Among the lines below, return each one that contains the word "rewrite".
━━━━━━━━━━
Theorem mainTheorem4 (p q mu Gam gam : R) (f g ft gt : nat -> R -> R) :
  1 < p -> 1 < q -> 0 < mu -> 0 < Gam -> 0 < gam ->
  Rpower gam p = Gam * ((p + 1) / (p * q - 1)) ->
  Rpower Gam q = gam * ((q + 1) / (p * q - 1)) ->
  (forall n : nat,
     eigenpair p q mu Gam gam (1 - INR n / 2) (f n) (g n) /\
     poly_deg_lead (f n) n ((p + 1) * Gam) /\
     poly_deg_lead (g n) n ((q + 1) * gam) /\
     hcomb mu n (f n) (g n)) ->
  (forall n : nat,
     eigenpair p q mu Gam gam
       (- (INR n / 2 + (p + 1) * (q + 1) / (p * q - 1))) (ft n) (gt n) /\
     poly_deg_lead (ft n) n (p * Gam) /\
     poly_deg_lead (gt n) n (- (q * gam)) /\
     hcomb mu n (ft n) (gt n)) ->
  exists A B At Bt : nat -> nat -> R,
    (forall (M : nat) (Q Qh th tht : nat -> R),
       (forall y,
          sum_f_R0 (fun k => Q k * h k y) M
            = sum_f_R0 (fun n => th n * f n y + tht n * ft n y) M /\
          sum_f_R0 (fun k => Qh k * hh mu k y) M
            = sum_f_R0 (fun n => th n * g n y + tht n * gt n y) M) ->
       forall n : nat, (n <= M)%nat ->
         th n = sum_f_R0 (fun j => A (n + 2 * j)%nat n * Q (n + 2 * j)%nat
                                  + B (n + 2 * j)%nat n * Qh (n + 2 * j)%nat)
                         ((M - n) / 2) /\
         tht n = sum_f_R0 (fun j => At (n + 2 * j)%nat n * Q (n + 2 * j)%nat
                                   + Bt (n + 2 * j)%nat n * Qh (n + 2 * j)%nat)
                          ((M - n) / 2)) /\
    (forall n : nat,
       A n n = q / (Gam * (2 * p * q + p + q)) /\
       B n n = p / (gam * (2 * p * q + p + q)) /\
       A (n + 2)%nat n = - (etilde p q mu gam n / (Gam * gam * (2 * p * q + p + q))) /\
       B (n + 2)%nat n = (p + 1) / (q + 1)
                         * (etilde p q mu gam n / (gam ^ 2 * (2 * p * q + p + q)))).
Proof.
  intros Hp Hq _ HGam Hgam Hgam_p HGam_q Hf Hft.
  destruct (hcomb_lead_coefs mu _ _ f g (fun n => proj2 (Hf n))) as [a [b [Hfg [La Lb]]]].
  destruct (hcomb_lead_coefs mu _ _ ft gt (fun n => proj2 (Hft n))) as [a' [b' [Hfgt [La' Lb']]]].
  pose proof (subleading_coef_f p q mu Gam gam Hp Hq HGam Hgam Hgam_p HGam_q f g a b Hfg
                (fun n => proj1 (Hf n)) La Lb) as Sf.
  pose proof (subleading_coef_ft p q mu Gam gam Hp Hq HGam Hgam Hgam_p HGam_q ft gt a' b' Hfgt
                (fun n => proj1 (Hft n)) La' Lb') as Sft.
  set (L := coef_mat a b a' b').
  assert (HD : (p + 1) * Gam * - (q * gam) - p * Gam * ((q + 1) * gam) <> 0).
  { replace (_ - _) with (- (Gam * gam * (2 * p * q + p + q))) by ring.
    apply Ropp_neq_0_compat, Rgt_not_eq, Rmult_lt_0_compat; [apply Rmult_lt_0_compat |]; nra. }
  assert (Hdet : forall m, mat2_det (L m 0%nat) <> 0)
    by (intro m; unfold L, coef_mat, mat2_det; simpl; now rewrite La, Lb, La', Lb').
  set (K := fun m n => trinv L n (Nat.div2 (m - n))).
  exists (fun m n => m11 (K m n)), (fun m n => m12 (K m n)),
         (fun m n => m21 (K m n)), (fun m n => m22 (K m n)).
  split.
  - intros M Q Qh th tht Hid n Hn.
    pose proof (expansion_inverse mu a b a' b' f g ft gt M Q Qh th tht Hfg Hfgt Hdet Hid n Hn) as E.
    unfold vec2_sum, mat2_app in E. simpl in E. injection E as E1 E2.
    rewrite <- Nat.div2_div, E1, E2. unfold K.
    split; apply sum_eq; intros j _; replace (n + 2 * j - n)%nat with (2 * j)%nat by lia;
      now rewrite Nat.div2_double.
  - intro n. destruct (Sf n) as [Ha1 Hb1], (Sft n) as [Ha1' Hb1'].
    unfold K. rewrite Nat.sub_diag. replace (n + 2 - n)%nat with 2%nat by lia. simpl Nat.div2.
    rewrite trinv_1. replace (n + 2)%nat with (S (S n)) by lia.
    unfold trinv, L, coef_mat, mat2_mul, mat2_opp, mat2_inv, etilde. simpl. unfold mat2_det. simpl.
    rewrite Ha1, Hb1, Ha1', Hb1', !La, !Lb, !La', !Lb'.
    repeat split; field; repeat split; first [exact HD | apply Rgt_not_eq; nra].
Qed.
━━━━━━━━━━
### PROBLEM SOLUTION
    by (intro m; unfold L, coef_mat, mat2_det; simpl; now rewrite La, Lb, La', Lb').
    rewrite <- Nat.div2_div, E1, E2. unfold K.
      now rewrite Nat.div2_double.
    unfold K. rewrite Nat.sub_diag. replace (n + 2 - n)%nat with 2%nat by lia. simpl Nat.div2.
    rewrite trinv_1. replace (n + 2)%nat with (S (S n)) by lia.
    rewrite Ha1, Hb1, Ha1', Hb1', !La, !Lb, !La', !Lb'.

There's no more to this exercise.